Each line of the records that holds the word "mathbb" should be copied out.
==== Data
(* Let $f:M^2\to\mathbb{R}^3$ be a translating soliton with height function $u=\langle f,\operatorname{v}\rangle$. On the open set $M^2\setminus\operatorname{Crit}(u)$ where $\nabla u\neq0$, the vector field $$W=-\frac{\nabla H+H\nabla u}{|\nabla u|^2}=-\frac{\nabla(e^uH)}{e^u|\nabla u|^2}$$ is divergence free, and the Gauss curvature satisfies $K=\langle\nabla H,W\rangle=\operatorname{div}(HW)$.
   Context: A translating soliton is an immersion $f:M^2\to\mathbb{R}^3$ of an oriented surface with unit normal $\xi$ whose scalar mean curvature $H$ (trace of $A(v,w)=-\langle\vec A(v,w),\xi\rangle$, $\vec A$ the second fundamental form) satisfies $H=-\langle\operatorname{v},\xi\rangle$ with $\operatorname{v}=\operatorname{e}_3$. $\nabla$, $\operatorname{div}$ are taken with respect to the induced metric, $K$ is its Gauss curvature, and $\operatorname{Crit}(u)=\{\nabla u=0\}=\{H^2=1\}$. *)

(* classical reals.  Local-coordinate differential geometry of
   a parametrized surface f : U (open in R^2) -> R^3. *)
From Stdlib Require Import Reals ClassicalEpsilon.
Open Scope R_scope.

(* indices of surface coordinates (s,t) and of R^3 components *)
Inductive ix := i1 | i2.
Inductive i3 := c1 | c2 | c3.

Definition sum2 (h : ix -> R) : R := h i1 + h i2.
Definition sum3 (h : i3 -> R) : R := h c1 + h c2 + h c3.

(* partial derivatives (value chosen by epsilon; meaningful where they exist) *)
Definition Dx (F : R -> R -> R) (x y : R) : R :=
  epsilon (inhabits 0) (fun l => derivable_pt_lim (fun s => F s y) x l).
Definition Dy (F : R -> R -> R) (x y : R) : R :=
  epsilon (inhabits 0) (fun l => derivable_pt_lim (fun t => F x t) y l).
Definition D (i : ix) (F : R -> R -> R) : R -> R -> R :=
  match i with i1 => Dx F | i2 => Dy F end.

Fixpoint Dl (l : list ix) (F : R -> R -> R) : R -> R -> R :=
  match l with nil => F | cons i l' => D i (Dl l' F) end.

Definition open2 (U : R -> R -> Prop) : Prop :=
  forall x y, U x y -> exists r, 0 < r /\
    forall x' y', Rabs (x' - x) < r -> Rabs (y' - y) < r -> U x' y'.

Definition continuous2_at (F : R -> R -> R) (x y : R) : Prop :=
  forall eps, 0 < eps -> exists del, 0 < del /\
    forall x' y', Rabs (x' - x) < del -> Rabs (y' - y) < del ->
      Rabs (F x' y' - F x y) < eps.
(* For every term $M$ of the distant Bang calculus $\mathtt{dBang}$, the set $\mathcal A(M)$ of Böhm approximants of $M$ is an ideal for the order $\sqsubseteq$, i.e. it is downward closed among approximants and directed: for all $A_1,A_2\in\mathcal A(M)$ there is $A_3\in\mathcal A(M)$ with $A_1\sqsubseteq A_3$ and $A_2\sqsubseteq A_3$.
   Context: \textbf{dBang.} Terms: $M,N ::= x \mid \lambda x.M \mid MN \mid M[N/x] \mid\ !M \mid \mathrm{der}\,M$, where $M[N/x]$ is an explicit substitution binding $x$ in $M$; terms up to $\alpha$-conversion, $M\{N/x\}$ capture-avoiding substitution. List contexts: $L ::= \square \mid L[N/x]$. Root rules: $L\langle\lambda x.M\rangle N \mapsto L\langle M[N/x]\rangle$; $M[L\langle !N\rangle/x]\mapsto L\langle M\{N/x\}\rangle$; $\mathrm{der}(L\langle !N\rangle)\mapsto L\langle N\rangle$. Full reduction $\to$ is their closure under arbitrary contexts. \textbf{Approximants.} Extend the syntax with a constant $\bot$. $A\sqsubseteq B$ means $A$ is obtained from $B$ by replacing some subterms by $\bot$. An approximant is a term of the extended syntax with no subterm of any of the forms $L\langle\lambda x.A\rangle B$, $L\langle\bot\rangle B$, $\mathrm{der}(L\langle !A\rangle)$, $\mathrm{der}(L\langle\bot\rangle)$, $A[L\langle !B\rangle/x]$, $A[L\langle\bot\rangle/x]$. $\mathcal A(M)=\{A\text{ approximant}\mid\exists N,\ M\to^*N,\ A\sqsubseteq N\}$. *)

(* dBang terms with de Bruijn indices (alpha-conversion is
   built in), extended with the constant bot for approximants. *)
From Stdlib Require Import Arith List Relations.
Import ListNotations.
========
_Response area_:
(* Let $f:M^2\to\mathbb{R}^3$ be a translating soliton with height function $u=\langle f,\operatorname{v}\rangle$. On the open set $M^2\setminus\operatorname{Crit}(u)$ where $\nabla u\neq0$, the vector field $$W=-\frac{\nabla H+H\nabla u}{|\nabla u|^2}=-\frac{\nabla(e^uH)}{e^u|\nabla u|^2}$$ is divergence free, and the Gauss curvature satisfies $K=\langle\nabla H,W\rangle=\operatorname{div}(HW)$.
   Context: A translating soliton is an immersion $f:M^2\to\mathbb{R}^3$ of an oriented surface with unit normal $\xi$ whose scalar mean curvature $H$ (trace of $A(v,w)=-\langle\vec A(v,w),\xi\rangle$, $\vec A$ the second fundamental form) satisfies $H=-\langle\operatorname{v},\xi\rangle$ with $\operatorname{v}=\operatorname{e}_3$. $\nabla$, $\operatorname{div}$ are taken with respect to the induced metric, $K$ is its Gauss curvature, and $\operatorname{Crit}(u)=\{\nabla u=0\}=\{H^2=1\}$. *)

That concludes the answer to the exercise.